Now it crosses through the horizontal asymptote and remember it’s going to have vertical asymptotic behavior too. So it’s got to go up like this. That’s going to be the shape of a left half. Let’s look in the middle region.

I’m interested in what the y intercept is whenever I have a y intercept, so let’s plot zero. That one’s easier. All the x terms are going to be zero, so it’s 1 times -2, -2, over 1 times -4, -4. So that’s a half. (0, 1/2) is here and let’s plot x equals 1. 2 plus 1, 3 times 1 minus 2, -1. 1 plus 1, 2, 1 minus 4, -3. The negatives will cancel and the 3s will cancel and I’ll have again ½, same as here.

So I think what’s going to happen here is I’m going to get like a little lump and it’s gong to come down and approach asymptotically here and here. Now what happens over here? I’m going to plot a point say 5, maybe something else, 5. 2 times 5 plus 1 is 11, 5 minus 2, 3. 5 plus 1, 6, 5 minus 4, 1. Little cancellation helps. I have 11/2 which is about 5.5, actually equals 5.5. So I have 5 and 5.5 3, 4, 5, point 5, it’s way up here. One more point.
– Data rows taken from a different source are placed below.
(* Let $a$ be a fixed positive integer. For any positive integers $k,n$ with $k\ge n$, $$S_t(N_{k,n})=\sum_{i=1}^n\binom{k-i}{k-n}t^{n-i}N_{k,i}.$$
   Context: $\mathfrak{h}_t=\mathbb{Q}[t]\langle x,y\rangle$, $z_k=x^{k-1}y$. For $k\ge n\ge1$, $N_{k,n}=\sum_{k_1+\cdots+k_n=k,\ k_i\ge1}z_{ak_1}\cdots z_{ak_n}$. $\sigma_t$ is the algebra automorphism of $\mathfrak{h}_t$ with $\sigma_t(x)=x,\sigma_t(y)=tx+y$, and $S_t$ is the $\mathbb{Q}[t]$-linear map with $S_t(1)=1$, $S_t(wa)=\sigma_t(w)a$ for words $w$ and letters $a\in\{x,y\}$. *)

From HB Require Import structures.
From mathcomp Require Import all_boot all_order all_algebra.
Set Implicit Arguments. Unset Strict Implicit. Unset Printing Implicit Defensive.
Import GRing.Theory.
Local Open Scope ring_scope.

(* Letters: x is encoded as [false], y as [true]; words are seq bool. *)
Definition lx : bool := false.
Definition ly : bool := true.

(* An element of h_t = Q[t]<x,y> is represented by a finite formal sum
   of terms (coefficient in Q[t], word). *)
Definition ncpoly := seq ({poly rat} * seq bool).

Definition ncoef (p : ncpoly) (w : seq bool) : {poly rat} :=
  \sum_(m <- p | m.2 == w) m.1.

Definition nc_eq (p q : ncpoly) : Prop := forall w, ncoef p w = ncoef q w.

Definition nc_one : ncpoly := [:: (1, [::])].
Definition nc_word (w : seq bool) : ncpoly := [:: (1, w)].
Definition nc_add (p q : ncpoly) : ncpoly := p ++ q.
Definition nc_scale (c : {poly rat}) (p : ncpoly) : ncpoly :=
  [seq (c * m.1, m.2) | m <- p].
Definition nc_mul (p q : ncpoly) : ncpoly :=
  [seq (m.1 * m'.1, m.2 ++ m'.2) | m <- p, m' <- q].
Definition nc_sum (ps : seq ncpoly) : ncpoly := flatten ps.

(* sigma_t: algebra automorphism with x |-> x, y |-> t x + y *)
Definition sigma_letter (b : bool) : ncpoly :=
  if b then [:: ('X, [:: lx]); (1, [:: ly])] else [:: (1, [:: lx])].
Definition sigma_word (w : seq bool) : ncpoly :=
  foldr (fun b acc => nc_mul (sigma_letter b) acc) nc_one w.
Definition sigma_t (p : ncpoly) : ncpoly :=
  nc_sum [seq nc_scale m.1 (sigma_word m.2) | m <- p].

(* S_t: Q[t]-linear, S_t(1) = 1, S_t(w a) = sigma_t(w) a *)
Definition S_word (w : seq bool) : ncpoly :=
  match rev w with
  | [::] => nc_one
  | a :: r => nc_mul (sigma_word (rev r)) (nc_word [:: a])
  end.
Definition S_t (p : ncpoly) : ncpoly :=
  nc_sum [seq nc_scale m.1 (S_word m.2) | m <- p].

Definition zw (k : nat) : seq bool := rcons (nseq k.-1 lx) ly.

Fixpoint comps (k n : nat) : seq (seq nat) :=
  match n with
  | 0 => if k == 0%N then [:: [::]] else [::]
  | n'.+1 => flatten [seq [seq i :: c | c <- comps (k - i) n'] | i <- iota 1 k]
  end.

Definition Nkn (a k n : nat) : ncpoly :=
  [seq (1, flatten [seq zw (a * ki) | ki <- c]) | c <- comps k n].

From mathcomp Require Import all_boot all_order all_algebra.
From mathcomp Require Import ring zify.
Set Implicit Arguments. Unset Strict Implicit. Unset Printing Implicit Defensive.
Import GRing.Theory.
Local Open Scope ring_scope.

(* Splitting on whether the first part k_1 equals 1 gives
   N_{k+1,n+1} = z_a N_{k,n} + x^a N_{k,n+1}.  Since S_t(u P) = sigma_t(u) S_t(P)
   whenever P has no constant term, and sigma_t(z_a) = t x^a + z_a while sigma_t
   fixes x^a, the right-hand sides R_{k,n} = sum_i C(k-i,n-i) t^(n-i) N_{k,i}
   satisfy the same recurrence as S_t(N_{k,n}) by Pascal's rule; induction on k
   concludes, and C(k-i,n-i) = C(k-i,k-n). *)

Lemma ncoef_nil w : ncoef [::] w = 0.
Proof. by rewrite /ncoef big_nil. Qed.

Lemma ncoef_cat p q w : ncoef (p ++ q) w = ncoef p w + ncoef q w.
Proof. by rewrite /ncoef big_cat. Qed.

Lemma ncoefE p w : ncoef p w = \sum_(m <- p) (if m.2 == w then m.1 else 0).
Proof. by rewrite /ncoef big_mkcond. Qed.

Lemma ncoef_sum ps w : ncoef (nc_sum ps) w = \sum_(p <- ps) ncoef p w.
Proof. by rewrite /ncoef /nc_sum big_flatten. Qed.

Lemma ncoef_scale c p w : ncoef (nc_scale c p) w = c * ncoef p w.
Proof. by rewrite /ncoef /nc_scale big_map mulr_sumr. Qed.

Lemma ncoef_word u w : ncoef (nc_word u) w = (u == w)%:R.
Proof. by rewrite ncoefE big_seq1; case: eqP. Qed.

Lemma big_nc_mul (F : {poly rat} * seq bool -> {poly rat}) p q :
  \sum_(m <- nc_mul p q) F m =
  \sum_(m <- p) \sum_(m' <- q) F (m.1 * m'.1, m.2 ++ m'.2).
Proof. by rewrite big_flatten big_map; apply: eq_bigr => m _; rewrite big_map. Qed.

Lemma ncoef_mul p q w : ncoef (nc_mul p q) w =
  \sum_(m <- p) \sum_(m' <- q) (if m.2 ++ m'.2 == w then m.1 * m'.1 else 0).
Proof. by rewrite ncoefE big_nc_mul. Qed.

Lemma eqseq_cat_take (T : eqType) (u v w : seq T) :
  (u ++ v == w) = (u == take (size u) w) && (v == drop (size u) w).
Proof.
apply/eqP/andP => [<-|]; first by rewrite take_size_cat // drop_size_cat.
by move: (size u) => i [/eqP-> /eqP->]; rewrite cat_take_drop.
Qed.

Lemma eqseq_cat_drop (T : eqType) (u v w : seq T) :
  (u ++ v == w) =
  (u == take (size w - size v) w) && (v == drop (size w - size v) w).
Proof.
apply/eqP/andP => [<-|].
  by rewrite size_cat addnK take_size_cat // drop_size_cat.
by move: (size w - size v)%N => i [/eqP-> /eqP->]; rewrite cat_take_drop.
Qed.

Lemma ncoef_mul_prefix p q w : ncoef (nc_mul p q) w =
  \sum_(m <- p) (if m.2 == take (size m.2) w
                 then m.1 * ncoef q (drop (size m.2) w) else 0).
Proof.
rewrite ncoef_mul; apply: eq_bigr => m _; case: ifP => pre_m; last first.
  by apply: big1 => m' _; rewrite eqseq_cat_take pre_m.
rewrite ncoefE mulr_sumr; apply: eq_bigr => m' _.
by rewrite eqseq_cat_take pre_m /=; case: ifP; rewrite ?mulr0.
Qed.

Lemma ncoef_mul_suffix p q w : ncoef (nc_mul p q) w =
  \sum_(m' <- q) (if m'.2 == drop (size w - size m'.2) w
                  then ncoef p (take (size w - size m'.2) w) * m'.1 else 0).
Proof.
rewrite ncoef_mul exchange_big; apply: eq_bigr => m' _.
case: ifP => suf_m'; last by apply: big1 => m _; rewrite eqseq_cat_drop suf_m' andbF.
rewrite ncoefE mulr_suml; apply: eq_bigr => m _.
by rewrite eqseq_cat_drop suf_m' andbT; case: ifP; rewrite ?mul0r.
Qed.

Lemma nc_eq_mull p p' q : nc_eq p p' -> nc_eq (nc_mul p q) (nc_mul p' q).
Proof.
by move=> pp' w; rewrite !ncoef_mul_suffix; apply: eq_bigr => m' _; rewrite pp'.
Qed.

Lemma nc_eq_mulr p q q' : nc_eq q q' -> nc_eq (nc_mul p q) (nc_mul p q').
Proof.
by move=> qq' w; rewrite !ncoef_mul_prefix; apply: eq_bigr => m _; rewrite qq'.
Qed.

Lemma nc_mulA p q r : nc_eq (nc_mul (nc_mul p q) r) (nc_mul p (nc_mul q r)).
Proof.
move=> w; rewrite !ncoef_mul big_nc_mul; apply: eq_bigr => m _.
rewrite big_nc_mul; apply: eq_bigr => m' _.
by apply: eq_bigr => m'' _; rewrite catA mulrA.
Qed.

Lemma nc_mul1 q : nc_eq (nc_mul nc_one q) q.
Proof. by move=> w; rewrite ncoef_mul_prefix big_seq1 /= take0 drop0 mul1r. Qed.

Lemma nc_mul0 p : nc_mul p [::] = [::].
Proof. by elim: p. Qed.

Lemma nc_mul_catl p1 p2 q : nc_mul (p1 ++ p2) q = nc_mul p1 q ++ nc_mul p2 q.
Proof. by rewrite /nc_mul map_cat flatten_cat. Qed.

Lemma nc_word_mul u p : nc_mul (nc_word u) p = [seq (m.1, u ++ m.2) | m <- p].
Proof. by rewrite /nc_mul /= cats0; apply: eq_map => m; rewrite mul1r. Qed.

Lemma ncoef_mulZl c p q w :
  ncoef (nc_mul (nc_scale c p) q) w = c * ncoef (nc_mul p q) w.
Proof.
rewrite !ncoef_mul_prefix big_map mulr_sumr; apply: eq_bigr => m _ /=.
by case: ifP; rewrite ?mulr0 // mulrA.
Qed.

Lemma ncoef_mulZr p c q w :
  ncoef (nc_mul p (nc_scale c q)) w = c * ncoef (nc_mul p q) w.
Proof.
rewrite !ncoef_mul_prefix mulr_sumr; apply: eq_bigr => m _.
by case: ifP; rewrite ?mulr0 // ncoef_scale mulrCA.
Qed.

Lemma ncoef_mul_sumr p qs w :
  ncoef (nc_mul p (nc_sum qs)) w = \sum_(q <- qs) ncoef (nc_mul p q) w.
Proof.
under [RHS]eq_bigr do rewrite ncoef_mul_prefix.
rewrite ncoef_mul_prefix exchange_big; apply: eq_bigr => m _.
case: ifP => _; last by rewrite big1.
by rewrite ncoef_sum mulr_sumr.
Qed.

Lemma sigma_word_cat u v :
  nc_eq (sigma_word (u ++ v)) (nc_mul (sigma_word u) (sigma_word v)).
Proof.
elim: u => [|b u IHu] w /=; first by rewrite nc_mul1.
by rewrite (nc_eq_mulr _ IHu) nc_mulA.
Qed.

Lemma sigma_word_x j : nc_eq (sigma_word (nseq j lx)) (nc_word (nseq j lx)).
Proof. by elim: j => [//|j IHj] w /=; rewrite (nc_eq_mulr _ IHj) nc_word_mul. Qed.

Lemma sigma_word_z m : (0 < m)%N ->
  nc_eq (sigma_word (zw m)) (nc_scale 'X (nc_word (nseq m lx)) ++ nc_word (zw m)).
Proof.
case: m => [//|m] _ w; rewrite /zw /= -cats1 sigma_word_cat.
rewrite (nc_eq_mull _ (sigma_word_x m)) nc_word_mul /= !mulr1.
by rewrite -[[:: lx]]/(nseq 1 lx) -nseqD addn1.
Qed.

Lemma ncoef_S_t p w : ncoef (S_t p) w = \sum_(m <- p) m.1 * ncoef (S_word m.2) w.
Proof. by rewrite ncoef_sum big_map; apply: eq_bigr => m _; rewrite ncoef_scale. Qed.

Lemma S_t_cat p q : S_t (p ++ q) = S_t p ++ S_t q.
Proof. by rewrite /S_t map_cat /nc_sum flatten_cat. Qed.

Lemma S_word_rcons u b : S_word (rcons u b) = nc_mul (sigma_word u) (nc_word [:: b]).
Proof. by rewrite /S_word rev_rcons revK. Qed.

Lemma S_word_cat u v : v != [::] ->
  nc_eq (S_word (u ++ v)) (nc_mul (sigma_word u) (S_word v)).
Proof.
case/lastP: v => [//|v b] _ w.
by rewrite -rcons_cat !S_word_rcons (nc_eq_mull _ (sigma_word_cat u v)) nc_mulA.
Qed.

Lemma S_t_word_mul u p : all (fun m => m.2 != [::]) p ->
  nc_eq (S_t (nc_mul (nc_word u) p)) (nc_mul (sigma_word u) (S_t p)).
Proof.
move=> /allP p_nonconst w.
rewrite ncoef_S_t nc_word_mul big_map ncoef_mul_sumr big_map.
by apply: eq_big_seq => m pm /=; rewrite ncoef_mulZr S_word_cat ?p_nonconst.
Qed.

Lemma S_word_z m : nc_eq (S_word (zw m)) (nc_word (zw m)).
Proof.
move=> w; rewrite /zw S_word_rcons (nc_eq_mull _ (sigma_word_x _)).
by rewrite nc_word_mul /= cats1.
Qed.

Definition zword (a : nat) (c : seq nat) : seq bool :=
  flatten [seq zw (a * ki) | ki <- c].

Lemma NknE a k n : Nkn a k n = [seq (1, zword a c) | c <- comps k n].
Proof. by []. Qed.

Lemma comps_nil k n : (k < n)%N -> comps k n = [::].
Proof.
elim: n k => [//|n IHn] k lt_kn /=.
have /eq_in_map-> : {in iota 1 k, forall i,
    [seq i :: c | c <- comps (k - i) n] = [::]}.
  by move=> i; rewrite mem_iota => /andP[i_gt0 i_le_k]; rewrite IHn //; lia.
by elim: (iota 1 k).
Qed.

Lemma size_comps k n c : c \in comps k n -> size c = n.
Proof.
elim: n k c => [|n IHn] k c /=.
  by case: (k == 0%N); rewrite ?inE // => /eqP->.
by case/flattenP => _ /mapP[i _ ->] /mapP[c' /IHn c'n ->] /=; rewrite c'n.
Qed.

Lemma Nkn_nil a k n : (k < n)%N -> Nkn a k n = [::].
Proof. by move=> lt_kn; rewrite NknE comps_nil. Qed.

Lemma Nkn_nonconst a k n : all (fun m => m.2 != [::]) (Nkn a k n.+1).
Proof.
apply/allP => _ /mapP[[|ki c] /size_comps // _ ->].
by rewrite /zword /= -size_eq0 size_cat size_rcons.
Qed.

Lemma zwD m l : (0 < l)%N -> zw (m + l) = nseq m lx ++ zw l.
Proof. by case: l => // l _; rewrite /zw addnS -rcons_cat -nseqD. Qed.

Lemma Nkn_rec a k n : (0 < a)%N ->
  Nkn a k.+1 n.+1 = nc_mul (nc_word (zw a)) (Nkn a k n)
                    ++ nc_mul (nc_word (nseq a lx)) (Nkn a k n.+1).
Proof.
move=> a_gt0; rewrite !nc_word_mul !NknE -!map_comp [comps k.+1 _]/=.
rewrite map_cat subSS subn0 -map_comp; congr (_ ++ _).
  by apply: eq_map => c; rewrite /zword /= muln1.
rewrite -[2%N]/(1 + 1)%N iotaDl map_flatten -!map_comp [comps k n.+1]/=.
rewrite map_flatten -map_comp.
congr flatten; apply/eq_in_map => i; rewrite mem_iota => /andP[i_gt0 _] /=.
rewrite -!map_comp add1n subSS; apply: eq_map => c /=.
by rewrite /zword /= mulnS zwD ?muln_gt0 ?a_gt0 // catA.
Qed.

Lemma S_t_Nkn1 a k : nc_eq (S_t (Nkn a k 1)) (Nkn a k 1).
Proof.
move=> w; rewrite ncoef_S_t ncoefE; apply: eq_big_seq => _ /mapP[c c_k ->] /=.
move: (size_comps c_k); case: c c_k => [|ki [|]] //= _ _.
by rewrite /zword /= cats0 S_word_z ncoef_word mul1r; case: eqP.
Qed.

Section BinomialSums.

Variables (R : comPzRingType) (t : R).

Definition binsum (k n : nat) (f : nat -> R) : R :=
  \sum_(1 <= i < n.+1) 'C(k - i, n - i)%:R * t ^+ (n - i) * f i.

Lemma eq_binsum k n f g :
  {in [pred i | 0 < i <= n]%N, f =1 g} -> binsum k n f = binsum k n g.
Proof. by move=> fg; apply: eq_big_nat => i /fg->. Qed.

Lemma binsumD k n f g :
  binsum k n (f \+ g) = binsum k n f + binsum k n g.
Proof. by rewrite -big_split; apply: eq_bigr => i _; rewrite /= mulrDr. Qed.

Lemma binsum1 k f : binsum k 1 f = f 1%N.
Proof. by rewrite /binsum big_nat1 subnn bin0 expr0 !mul1r. Qed.

Lemma binsum_shift k n f : 'C(k, n)%:R * f 0%N = 0 ->
  binsum k.+1 n.+1 (fun i => f i.-1) = binsum k n f.
Proof.
move=> Cf0; rewrite /binsum big_nat_recl //= !subSS !subn0 mulrAC Cf0 mul0r add0r.
by apply: eq_bigr => i _; rewrite !subSS.
Qed.

Lemma binsum_pascal k n f :
  (forall i, (k < i)%N -> f i = 0) ->
  binsum k.+1 n.+1 f = t * binsum k n f + binsum k n.+1 f.
Proof.
move=> f_eq0; rewrite /binsum !(big_nat_recr n.+1) //= !subnn !bin0 addrA.
congr (_ + _).
rewrite mulr_sumr -big_split; apply: eq_big_nat => i /andP[_ le_i_n] /=.
have [le_i_k|lt_k_i] := leqP i k; last by rewrite f_eq0 // !mulr0 addr0.
rewrite subSn // [(n.+1 - i)%N]subSn // binS natrD exprS; ring.
Qed.

End BinomialSums.

Definition nc_binsum (k n : nat) (P : nat -> ncpoly) : ncpoly :=
  nc_sum [seq nc_scale ('C(k - i, n - i)%:R * 'X^(n - i)) (P i) | i <- iota 1 n].

Lemma ncoef_nc_binsum k n P w :
  ncoef (nc_binsum k n P) w = binsum 'X k n (fun i => ncoef (P i) w).
Proof.
rewrite ncoef_sum big_map /binsum /index_iota subn1.
by apply: eq_bigr => i _; rewrite ncoef_scale.
Qed.

Lemma ncoef_mul_nc_binsum p k n P w :
  ncoef (nc_mul p (nc_binsum k n P)) w =
  binsum 'X k n (fun i => ncoef (nc_mul p (P i)) w).
Proof.
rewrite ncoef_mul_sumr big_map /binsum /index_iota subn1.
by apply: eq_bigr => i _; rewrite ncoef_mulZr.
Qed.

Lemma S_t_Nkn a k n : (0 < a)%N -> (0 < n)%N ->
  nc_eq (S_t (Nkn a k n)) (nc_binsum k n (Nkn a k)).
Proof.
move=> a_gt0; elim: k n => [|k IHk] n n_gt0 w.
  rewrite Nkn_nil // ncoef_nil ncoef_nc_binsum /binsum big1_seq // => i.
  rewrite mem_index_iota => /andP[_ /andP[i_gt0 _]].
  by rewrite Nkn_nil // ncoef_nil mulr0.
case: n n_gt0 => [//|[_|n _]]; first by rewrite S_t_Nkn1 ncoef_nc_binsum binsum1.
pose xaN i := ncoef (nc_mul (nc_word (nseq a lx)) (Nkn a k i)) w.
pose zaN i := ncoef (nc_mul (nc_word (zw a)) (Nkn a k i)) w.
have S_t_rec : ncoef (S_t (Nkn a k.+1 n.+2)) w =
    'X * binsum 'X k n.+1 xaN + binsum 'X k n.+1 zaN + binsum 'X k n.+2 xaN.
  rewrite Nkn_rec // S_t_cat ncoef_cat !S_t_word_mul ?Nkn_nonconst //.
  rewrite (nc_eq_mull _ (sigma_word_z a_gt0)) (nc_eq_mull _ (sigma_word_x a)).
  rewrite nc_mul_catl ncoef_cat ncoef_mulZl !(nc_eq_mulr _ (IHk _ _)) //.
  by rewrite !ncoef_mul_nc_binsum.
have binsum_rec : ncoef (nc_binsum k.+1 n.+2 (Nkn a k.+1)) w =
    binsum 'X k.+1 n.+2 (fun i => zaN i.-1) + binsum 'X k.+1 n.+2 xaN.
  rewrite ncoef_nc_binsum -binsumD; apply: eq_binsum => -[//|i] _.
  by rewrite Nkn_rec // ncoef_cat.
rewrite S_t_rec binsum_rec binsum_shift ?binsum_pascal; first by ring.
  by move=> i lt_k_i; rewrite /xaN Nkn_nil // nc_mul0 ncoef_nil.
(* N_{k,0} vanishes unless k = 0, and C(0, n+1) = 0. *)
rewrite /zaN NknE /=; case: eqP => [->|_]; first by rewrite mul0r.
by rewrite nc_mul0 ncoef_nil mulr0.
Qed.

Unset Implicit Arguments.

Theorem proposition4p10 (a k n : nat) :
  (0 < a)%N -> (0 < n)%N -> (n <= k)%N ->
  nc_eq (S_t (Nkn a k n))
        (nc_sum [seq nc_scale (('C(k - i, k - n))%:R * 'X^(n - i)) (Nkn a k i)
                | i <- iota 1 n]).
Proof.
move=> a_gt0 n_gt0 le_n_k w; rewrite S_t_Nkn //.
congr (ncoef (nc_sum _) w); apply/eq_in_map => i; rewrite mem_iota => /andP[_ le_i_n].
have -> : (k - n = (k - i) - (n - i))%N by lia.
by rewrite bin_sub //; lia.
Qed.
Let’s plot, let's say 6 or 7, 7. 2 times 7 plus 1, 15, 7 minus 2, 5. 7 plus 1 is 8 and 7 minus 4 is 3. We get some nice cancellation here and here, so we have 25/8, which is just a hair above 3. So at 7, we’re just a hair above 3, like so. That makes it pretty clear. We’re coming down and approaching the horizontal asymptote like this. Alright and that’s our graph.
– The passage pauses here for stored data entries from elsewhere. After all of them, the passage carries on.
(* Let $k$ be a field of characteristic $p>0$ and $A=k[x_1,\dots,x_r]/(x_1^p,\dots,x_r^p)$ with the Lie Hopf structure $\Delta_{\mathrm{Lie}}$. Then the homomorphism $\Phi_{\Delta_{\mathrm{Lie}}}\colon\operatorname{Ext}^*_A(k,k)\to\operatorname{Ext}^*_{A^e}(A,A)$ satisfies \[ \Phi_{\Delta_{\mathrm{Lie}}}(\eta_i)=\delta_i\quad\text{and}\quad\Phi_{\Delta_{\mathrm{Lie}}}(\zeta_i)=\chi_i\qquad(i=1,\dots,r). \]
   Context: The Lie Hopf structure (restricted enveloping algebra of the abelian restricted Lie algebra $k^r$ with trivial $p$-power map): $\Delta_{\mathrm{Lie}}(x_i)=x_i\otimes1+1\otimes x_i$, antipode $\sigma_{\mathrm{Lie}}(x_i)=-x_i$. $A^e=A\otimes_kA^{op}$; $\Phi_\Delta\colon\operatorname{Ext}^*_A(k,k)\to\operatorname{Ext}^*_{A^e}(A,A)$ is induced by the functor $X\mapsto X\otimes_kA$ from $A$-modules to $A^e$-modules with action $(\alpha\otimes\beta)(x\otimes a)=\sum_{(\alpha)}\alpha_1x\otimes\alpha_2a\beta$ (exact, preserves projectives, sends $k$ to $A$; $\Phi_\Delta$ applies it to a projective resolution of $k$ and to cocycles). Resolutions and classes: for $A_i=k[x_i]/(x_i^p)$, let $P^{(i)}_*$ be $\cdots\to A_i\xrightarrow{x_i}A_i\xrightarrow{x_i^{p-1}}A_i\xrightarrow{x_i}A_i\to0$ augmented to $k$; $P_*=P^{(1)}_*\otimes_k\cdots\otimes_kP^{(r)}_*$ resolves $k$ over $A$, with summands $P_{j_1,\dots,j_r}\cong A$. $\hat\eta_i$ (resp. $\hat\zeta_i$) is the cochain $P_*\to k$ equal to the augmentation on $P_{j_1,\dots,j_r}$ with $j_i=1$ (resp. $2$), $j_\ell=0$ for $\ell\ne i$, zero elsewhere; $\eta_i,\zeta_i$ are their classes in $\operatorname{Ext}^*_A(k,k)$. With $A_i^e=k[y_i,z_i]/(y_i^p,z_i^p)$, $y_i=x_i\otimes1$, $z_i=1\otimes x_i$, $Q^{(i)}_*$ is $\cdots\to A_i^e\xrightarrow{y_i-z_i}A_i^e\xrightarrow{(y_i-z_i)^{p-1}}A_i^e\xrightarrow{y_i-z_i}A_i^e\to0$ augmented by multiplication to $A_i$; $Q_*=\bigotimes_i Q^{(i)}_*$ resolves $A$ over $A^e$ with summands $Q_{j_1,\dots,j_r}\cong A^e$. $\hat\delta_i$ (resp. $\hat\chi_i$) is the cochain $Q_*\to A$ equal to multiplication $A^e\to A$ on $Q_{j_1,\dots,j_r}$ with $j_i=1$ (resp. $2$), $j_\ell=0$ for $\ell\ne i$, zero elsewhere; $\delta_i,\chi_i$ are their classes in $\operatorname{Ext}^*_{A^e}(A,A)$. *)

From HB Require Import structures.
From mathcomp Require Import all_boot all_order all_algebra.
Set Implicit Arguments. Unset Strict Implicit. Unset Printing Implicit Defensive.
Import GRing.Theory.
Local Open Scope ring_scope.

Notation mono p r := {ffun 'I_r -> 'I_p}.
(* an element sum_m f(m) x^m of A *)
Notation Aelt k p r := {ffun mono p r -> GRing.Field.sort k}.
(* an element sum_{a,b} c(a,b) x^a (x) x^b of A (x)_k A  (used both for
   A^e = A (x) A^op (= A (x) A since A is commutative) and for P_j (x) A) *)
Notation AAelt k p r := {ffun (mono p r * mono p r)%type -> GRing.Field.sort k}.

Definition idx (r : nat) := 'I_r -> nat.
Definition deg (r : nat) (j : idx r) : nat := (\sum_(l < r) j l)%N.
Definition ei (r : nat) (i : 'I_r) (n : nat) : idx r :=
  fun l => if l == i then n else 0%N.
Definition decr (r : nat) (j : idx r) (i : 'I_r) : idx r :=
  fun l => if l == i then (j l).-1 else j l.
Definition incr (r : nat) (j : idx r) (i : 'I_r) : idx r :=
  fun l => if l == i then (j l).+1 else j l.
Definition idx_eqb (r : nat) (j j' : idx r) : bool := [forall l, j l == j' l].
Definition idx_zero (r : nat) : idx r := fun _ => 0%N.
Arguments idx_zero : clear implicits.

Section Alg.
Variables (k : fieldType) (p r : nat).
Local Notation A := (Aelt k p r).
Local Notation AA := (AAelt k p r).
Local Notation mono := {ffun 'I_r -> 'I_p}.

Definition fsc (T : finType) (c : k) (f : {ffun T -> k}) : {ffun T -> k} :=
  [ffun t => c * f t].

(* x^e for an arbitrary exponent vector e (zero if some e_l >= p, as x_l^p = 0) *)
Definition xpow (e : idx r) : A :=
  [ffun m : mono => if [forall l, (m l : nat) == e l] then 1 else 0].
Definition monoA (m : mono) : A := [ffun m' => (m' == m)%:R].
Definition oneA : A := xpow (idx_zero r).
Definition xvar (i : 'I_r) (n : nat) : A := xpow (ei i n).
This is a little complicated here, but when it passes through the horizontal asymptote, you just have to remember it will come back and approach the asymptote eventually, but it can cross the asymptote in the mean time. Remember your vertical asymptotic behavior, your intercepts, plot all of those if you can and that’s it, that’s your graph.